Care Makes a Difference. What makes Technical different from other metal finishers offering the same electroless services? "We have more technology in our R&D than most job shop platers," Mr. Thomas said. "We perform extensive testing on pretreatment processes and fill the special plating needs of our customers. We even perform duplex plating of high-phosphorous electroless nickel on top of medium-phosphorous electroless nickel and other proprietary high-phosphorous plating work."

But being meticulous is an important aspect of the Technical Plating operation. "We pay close attention to each project that goes through our shop," Mr. Thomas emphasized. "When the initial lot of a new job arrives, a pre-production lot is processed and parameters for the job (time, temperature, chemistry) are set. Data for that specific job analyses are put into the computer and updated each time an order is run."

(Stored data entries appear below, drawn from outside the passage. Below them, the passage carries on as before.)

Lemma binomial_vanishing_dvdn (R : comNzRingType) (d n : nat) : (0 < d <= n)%N ->
  (forall i, (0 < i < d)%N -> 'C(d, i)%:R = 0 :> R) ->
  (forall i, (n - d < i < n)%N -> 'C(n, i)%:R = 0 :> R) -> (d %| n)%N.
Proof.
move=> /andP[d_gt0 dn] Cd Cn; rewrite /dvdn; have [//|s_gt0] := posnP (n %% d).
set q := (n %/ d)%N; set s := (n %% d)%N in s_gt0 *.
have nE : n = (q * d + s)%N by rewrite /q /s -divn_eq.
have sd : (s < d)%N by rewrite /s ltn_mod.
pose P : {poly R} := 'X + 1.
have PdE : P ^+ d = 'X^d + 1.
  apply/polyP => k; rewrite coef_Xadd1_exp coefD coefXn coef1.
  case: (ltngtP k d) => [kd|dk|->]; last by rewrite binn (gtn_eqF d_gt0) addr0.
    by case: k kd => [|k] kd; rewrite ?bin0 ?add0r // Cd ?kd //= add0r.
  by rewrite bin_small // (gtn_eqF (ltn_trans d_gt0 dk)) addr0.
have PnE : P ^+ n = (P ^+ q \Po 'X^d) * P ^+ s.
  rewrite nE exprD mulnC exprM PdE rmorphXn /= comp_polyD comp_polyX comp_polyC.
  by rewrite -polyC1.
have : (P ^+ n)`_(q * d) = 1.
  rewrite PnE coefM big_ord_recr /= subnn coef_comp_poly_Xn // dvdn_mull //.
  rewrite mulnK // !coef_Xadd1_exp !binn bin0 mulr1 big1 ?add0r // => j _.
  rewrite coef_comp_poly_Xn //; case: ifP => [/dvdnP [e je]|]; last by rewrite mul0r.
  rewrite [X in _ * X]coef_Xadd1_exp bin_small ?mulr0 //.
  have eq : (e < q)%N by have := ltn_ord j; rewrite je ltn_pmul2r.
  rewrite je -mulnBl; apply: (leq_trans sd); rewrite leq_pmull // subn_gt0 //.
rewrite coef_Xadd1_exp Cn; first by move/esym/eqP; rewrite oner_eq0.
by rewrite nE; move: sd s_gt0; lia.
Qed.

Section Subring.
Variable B : idomainType.
Variable A : {pred B}.
Hypothesis A_subring : subring_closed A.
#[local] HB.instance Definition _ := GRing.isSubringClosed.Build B A A_subring.

Lemma polyOver_MXaddC (P : {poly B}) c : P * 'X + c%:P \is a polyOver A ->
  P \is a polyOver A /\ c \in A.
Proof.
move/polyOverP => PA; split; last by have := PA 0%N; rewrite coefD coefMX coefC add0r.
by apply/polyOverP => i; have := PA i.+1; rewrite coefD coefMX coefC addr0.
Qed.

Definition in_adjoin (g y : B) := exists2 Q : {poly B}, Q \is a polyOver A & y = Q.[g].

Lemma in_adjoinC g a : a \in A -> in_adjoin g a.
Proof. by move=> aA; exists a%:P; rewrite ?polyOverC ?hornerC. Qed.

Lemma in_adjoinX g k : in_adjoin g (g ^+ k).
Proof. by exists 'X^k; rewrite ?polyOverXn ?hornerXn. Qed.

Lemma in_adjoinD g x y : in_adjoin g x -> in_adjoin g y -> in_adjoin g (x + y).
Proof. by move=> [P PA ->] [Q QA ->]; exists (P + Q); rewrite ?rpredD ?hornerD. Qed.

Lemma in_adjoinM g x y : in_adjoin g x -> in_adjoin g y -> in_adjoin g (x * y).
Proof. by move=> [P PA ->] [Q QA ->]; exists (P * Q); rewrite ?rpredM ?hornerM. Qed.

Section ExponentialMap.
Variable phi : {rmorphism B -> {poly B}}.
Hypothesis phi_exp : is_exp_map A phi.
Hypothesis A_invariants : forall b, b \in A <-> b \in invariants phi.

Lemma phi_invariant b : b \in A <-> phi b = b%:P.
Proof.
split=> [|bphi]; first by case: phi_exp => phiA _ _; apply: phiA.
by apply/A_invariants; rewrite unfold_in /= bphi.
Qed.

Lemma phiC a : a \in A -> phi a = a%:P.
Proof. by move/phi_invariant. Qed.

Lemma phi_eq0 b : (phi b == 0) = (b == 0).
Proof.
apply/eqP/eqP => [phib0|->]; last exact: rmorph0.
by case: phi_exp => _ phi_eval0 _; rewrite -(phi_eval0 b) phib0 horner0.
Qed.
(* Fix $n\ge 3$, and let $a_0,\dots,a_{n-1}$ be regular closed subsets of $\mathbb{R}^2$ such that for all $0\le i<n$, $a_i\neq\emptyset$ and $\mathrm{int}(a_i\cup a_{[i+1]})$ is connected, and $a_i\cdot a_j=\emptyset$ for all $0\le i<j<n$. Then there exist Jordan arcs $\alpha_0,\dots,\alpha_{n-1}$ and points $p_0,\dots,p_{n-1}$ such that: for all $0\le i<n$, $\alpha_i$ is a Jordan arc from $p_i$ to $p_{[i+1]}$ with $\alpha_i\subseteq\mathrm{int}(a_i\cup a_{[i+1]})$; the concatenation $\alpha_0\cdots\alpha_{n-1}$ is a Jordan curve lying in $\mathrm{int}(a_0\cup\dots\cup a_{n-1})$; and $p_i\in\mathrm{int}(a_i)$ for all $0\le i<n$.
   Context: $[k]$ denotes $k\bmod n$. $a\cdot b$ denotes $\overline{\mathrm{int}(a\cap b)}$ (the product of regular closed sets). A Jordan arc is a continuous injective map from $[0,1]$ to $\mathbb{R}^2$ (or a constant map, a degenerate arc), identified with its image; a Jordan curve is a continuous injective map from the circle to $\mathbb{R}^2$. The concatenation $\alpha_0\cdots\alpha_{n-1}$ being a Jordan curve means each $\alpha_i$ ends where $\alpha_{[i+1]}$ begins and the union of the arcs, traversed in order, is a Jordan curve. *)

From HB Require Import structures.
From mathcomp Require Import all_boot all_order all_algebra.
From mathcomp Require Import all_classical all_reals all_analysis.
From mathcomp Require Import Rstruct Rstruct_topology.
Set Implicit Arguments. Unset Strict Implicit. Unset Printing Implicit Defensive.
Import Order.TTheory GRing.Theory Num.Theory.
Local Open Scope classical_set_scope.
Local Open Scope ring_scope.

Definition plane := (Rdefinitions.R * Rdefinitions.R)%type.

Definition regular_closed (A : set plane) : Prop := closure (interior A) = A.

(* Product of regular closed sets: a . b = cl(int(a /\ b)). *)
Definition rc_prod (A B : set plane) : set plane := closure (interior (A `&` B)).

(* A Jordan arc: a map [0,1] -> R^2 (given as a function R -> R^2, only its
   restriction to [0,1] matters) that is continuous and injective on [0,1],
   or constant on [0,1] (degenerate arc). *)
Definition jordan_arc (f : Rdefinitions.R -> plane) : Prop :=
  {within `[0, 1], continuous f} /\
  ({in `[0, 1] &, injective f} \/ (forall t, t \in `[0, 1] -> f t = f 0)).

(* Image of an arc (arcs are identified with their images). *)
Definition arc_img (f : Rdefinitions.R -> plane) : set plane := f @` `[0, 1].

(* A Jordan curve, parametrized by [0,1] with 0 and 1 identified
   (i.e. a continuous injective map from the circle R/Z). *)
Definition jordan_curve (g : Rdefinitions.R -> plane) : Prop :=
  {within `[0, 1], continuous g} /\ g 0 = g 1 /\ {in `[0, 1[ &, injective g}.

(* The concatenation alpha_0 ... alpha_{n-1} is a Jordan curve: each arc ends
   where the next one begins, and there is a Jordan curve g together with a
   subdivision 0 = t_0 <= t_1 <= ... <= t_n = 1 such that g traverses
   alpha_i on [t_i, t_{i+1}] (same image, from its start to its end). *)
Definition concat_jordan_curve (n : nat) (alpha : nat -> Rdefinitions.R -> plane)
    (C : set plane) : Prop :=
  (forall i, (i < n)%N -> alpha i 1 = alpha ((i.+1) %% n)%N 0) /\
  exists (g : Rdefinitions.R -> plane) (t : nat -> Rdefinitions.R),
    [/\ jordan_curve g, t 0%N = 0, t n = 1,
        C = g @` `[0, 1] &
        forall i, (i < n)%N ->
          [/\ t i <= t i.+1, g @` `[t i, t i.+1] = arc_img (alpha i),
              g (t i) = alpha i 0 & g (t i.+1) = alpha i 1]].
Lemma nabla_sum_grid b ga g n : nabla_sum b ga g (b - INR n) =
  rgamma ga * rsum n (fun i => rising (INR i + 1) (ga - 1) * g (b - INR n + INR i)).
Proof.
  unfold nabla_sum. rewrite Gamma_inv.
  replace (b - (b - INR n)) with (INR n) by ring.
  rewrite Int_part_INR, Nat2Z.id. f_equal. apply rsum_ext; intros i _.
  unfold rho. f_equal. f_equal. ring.
Qed.

Lemma nabla_sum_beyond b ga g z : (z <= 0)%Z -> nabla_sum b ga g (b - IZR z) = 0.
Proof.
  intros Hz. unfold nabla_sum.
  replace (b - (b - IZR z)) with (IZR z) by ring.
  rewrite Int_part_IZR. replace (Z.to_nat z) with O by lia. simpl. ring.
Qed.

Lemma rgamma_nonpos_IZR z : (z <= 0)%Z -> rgamma (IZR z) = 0.
Proof.
  intros Hz. replace (IZR z) with (- INR (Z.to_nat (- z))); [apply rgamma_nonpos_int |].
  rewrite INR_IZR_INZ, Z2Nat.id, opp_IZR by lia. ring.
Qed.

(* Summation by parts, order one: for ga > 0 and t = b - z on the grid,
   b nabla^{-ga} (-Delta f)(t) = -Delta (b nabla^{-ga} f)(t) - (b-t)^{(ga-1)}/Gamma(ga) f(b). *)
Lemma nabla_sum_odelta_1 b ga f z :
  nabla_sum b ga (odelta 1 f) (b - IZR z) =
  odelta 1 (nabla_sum b ga f) (b - IZR z) - rising_kernel (ga - 1) (IZR z) * f b.
Proof.
  rewrite odelta_1.
  destruct (Z_le_gt_dec z 0) as [Hz | Hz].
  - replace (b - IZR z + 1) with (b - IZR (z - 1)) by (rewrite minus_IZR; ring).
    rewrite !nabla_sum_beyond by lia.
    unfold rising_kernel. rewrite rgamma_nonpos_IZR by exact Hz. unfold Rdiv. ring.
  - replace (IZR z) with (INR (S (Z.to_nat (z - 1)))).
    2:{ rewrite S_INR, INR_IZR_INZ, Z2Nat.id, minus_IZR by lia. ring. }
    set (m := Z.to_nat (z - 1)).
    replace (b - INR (S m) + 1) with (b - INR m) by (rewrite S_INR; ring).
    rewrite !nabla_sum_grid.
    set (W := fun i => rising (INR i + 1) (ga - 1)).
    set (s := b - INR (S m)).
    rewrite (rsum_ext (S m) _ (fun i => 1 * (W i * f (s + INR i)) + (-1) * (W i * f (s + INR i + 1)))).
    2:{ intros i _. rewrite odelta_1. unfold W. ring. }
    rewrite rsum_lin.
    change (rsum (S m) (fun i => W i * f (s + INR i + 1)))
      with (rsum m (fun i => W i * f (s + INR i + 1)) + W m * f (s + INR m + 1)).
    rewrite (rsum_ext m (fun i => W i * f (s + INR i + 1)) (fun i => W i * f (b - INR m + INR i))).
    2:{ intros i _. unfold s. rewrite S_INR. f_equal. f_equal. ring. }
    replace (s + INR m + 1) with b by (unfold s; rewrite S_INR; ring).
    assert (HW : rising_kernel (ga - 1) (INR (S m)) = rgamma ga * W m).
    { unfold rising_kernel, W. rewrite rising_rgamma, S_INR.
      replace (ga - 1 + 1) with ga by ring. unfold Rdiv. ring. }
    rewrite HW. unfold W. ring.
Qed.

(** * The operator b nabla^{-alpha} and the case p = 1 *)

Lemma nabla_op_pos b a g : 0 < a -> nabla_op b a g = nabla_sum b a g.
Proof. intros H. unfold nabla_op. destruct (Rlt_dec 0 a); [reflexivity | lra]. Qed.

Lemma nabla_op_0 b g : nabla_op b 0 g = g.
Proof. unfold nabla_op. destruct (Rlt_dec 0 0); [lra |]. destruct (Req_EM_T 0 0); [reflexivity | lra]. Qed.

Lemma nabla_op_neg b a g : a < 0 ->
  nabla_op b a g = odelta (nord (- a)) (nabla_sum0 b (INR (nord (- a)) - - a) g).
Proof.
  intros H. unfold nabla_op. destruct (Rlt_dec 0 a); [lra |].
  destruct (Req_EM_T a 0); [lra | reflexivity].
Qed.

Lemma nord_bounds be : 0 < be -> 0 <= INR (nord be) - be < 1.
Proof.
  intros H. unfold nord, bracket.
  destruct (archimed (- be)) as [H1 H2].
  set (u := up (- be)) in *.
  assert (Hu : (u <= 0)%Z).
  { destruct (Z_le_gt_dec u 0) as [| Hgt]; [assumption |].
    assert (1 <= IZR u) by (apply IZR_le; lia). lra. }
  rewrite INR_IZR_INZ, Z2Nat.id, plus_IZR, opp_IZR by lia. lra.
Qed.

Lemma no_int_in_01 (w : Z) : ~ (0 < IZR w < 1).
Proof.
  intros [H1 H2]. apply lt_IZR in H1. change 1 with (IZR 1) in H2. apply lt_IZR in H2. lia.
Qed.

(* For a < 0 the
   operator is (-Delta)^n of a fractional sum of order ga = n + a in [0, 1):
   apply the order-one summation by parts inside, then (-Delta)^n lowers the
   order of the kernel from ga - 1 to a - 1. *)
Lemma nabla_op_odelta_1 b a f s : (exists m, s = b - 1 - INR m) ->
  nabla_op b a (odelta 1 f) s = odelta 1 (nabla_op b a f) s - rising_kernel (a - 1) (b - s) * f b.
Proof.
  intros [m Hs].
  assert (Hz : s = b - IZR (Z.of_nat (S m))) by (rewrite <- INR_IZR_INZ, S_INR; lra).
  destruct (Rtotal_order a 0) as [Hn | [H0 | Hp]].
  - rewrite !nabla_op_neg by exact Hn.
    pose proof (nord_bounds (- a) ltac:(lra)) as Hg.
    set (n := nord (- a)) in *. set (ga := INR n - - a) in *.
    unfold nabla_sum0. destruct (Req_EM_T ga 0) as [E | E].
    + (* ga = 0: a = -n is a pole, and the kernel vanishes *)
      rewrite odelta_comp_1, odelta_1_comp.
      unfold rising_kernel. replace (a - 1 + 1) with (- INR n) by (unfold ga in E; lra).
      rewrite rgamma_nonpos_int. unfold Rdiv. ring.
    + rewrite (odelta_lin n s (nabla_sum b ga (odelta 1 f)) (odelta 1 (nabla_sum b ga f))
                 (fun x => rising_kernel (ga - 1) (b - x)) 1 (- f b)).
      * rewrite odelta_comp_1, odelta_1_comp, odelta_rising_kernel.
        -- replace (ga - 1 - INR n) with (a - 1) by (unfold ga; ring). ring.
        -- (* ga is not an integer, so no argument of 1/Gamma here is a pole *)
           intros i j _. left. intro Z0. apply rgamma_eq0 in Z0. destruct Z0 as [q Hq].
           apply (no_int_in_01 (Z.of_nat (i + j) + 1 - Z.of_nat m - Z.of_nat q)).
           rewrite !minus_IZR, plus_IZR, <- !INR_IZR_INZ.
           rewrite Hs in Hq. lra.
      * intros j _.
        replace (s + INR j) with (b - IZR (Z.of_nat (S m) - Z.of_nat j))
          by (rewrite minus_IZR, <- !INR_IZR_INZ, S_INR; lra).
        rewrite nabla_sum_odelta_1.
        replace (b - (b - IZR (Z.of_nat (S m) - Z.of_nat j))) with (IZR (Z.of_nat (S m) - Z.of_nat j)) by ring.
        ring.
  - subst a. rewrite !nabla_op_0. unfold rising_kernel.
    replace (0 - 1 + 1) with (- INR 0) by (simpl; ring).
    rewrite rgamma_nonpos_int. unfold Rdiv. ring.
  - rewrite !nabla_op_pos, Hz, nabla_sum_odelta_1 by exact Hp.
    replace (b - (b - IZR (Z.of_nat (S m)))) with (IZR (Z.of_nat (S m))) by ring. reflexivity.
Qed.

Technical's procedure calls for every customer to get a computer printout of what is on the part and the work to be done on that part. "We have established an acceptable quality level for all our work that has paid off handsomely," Mr. Thomas said. "This is well illustrated by the more than 50 million parts we did for one customer without a reject."

The future? Mr. Thomas looks forward to more of the same, providing a variety of finishes for a multitude of high-quality small parts that give customers reliable quality.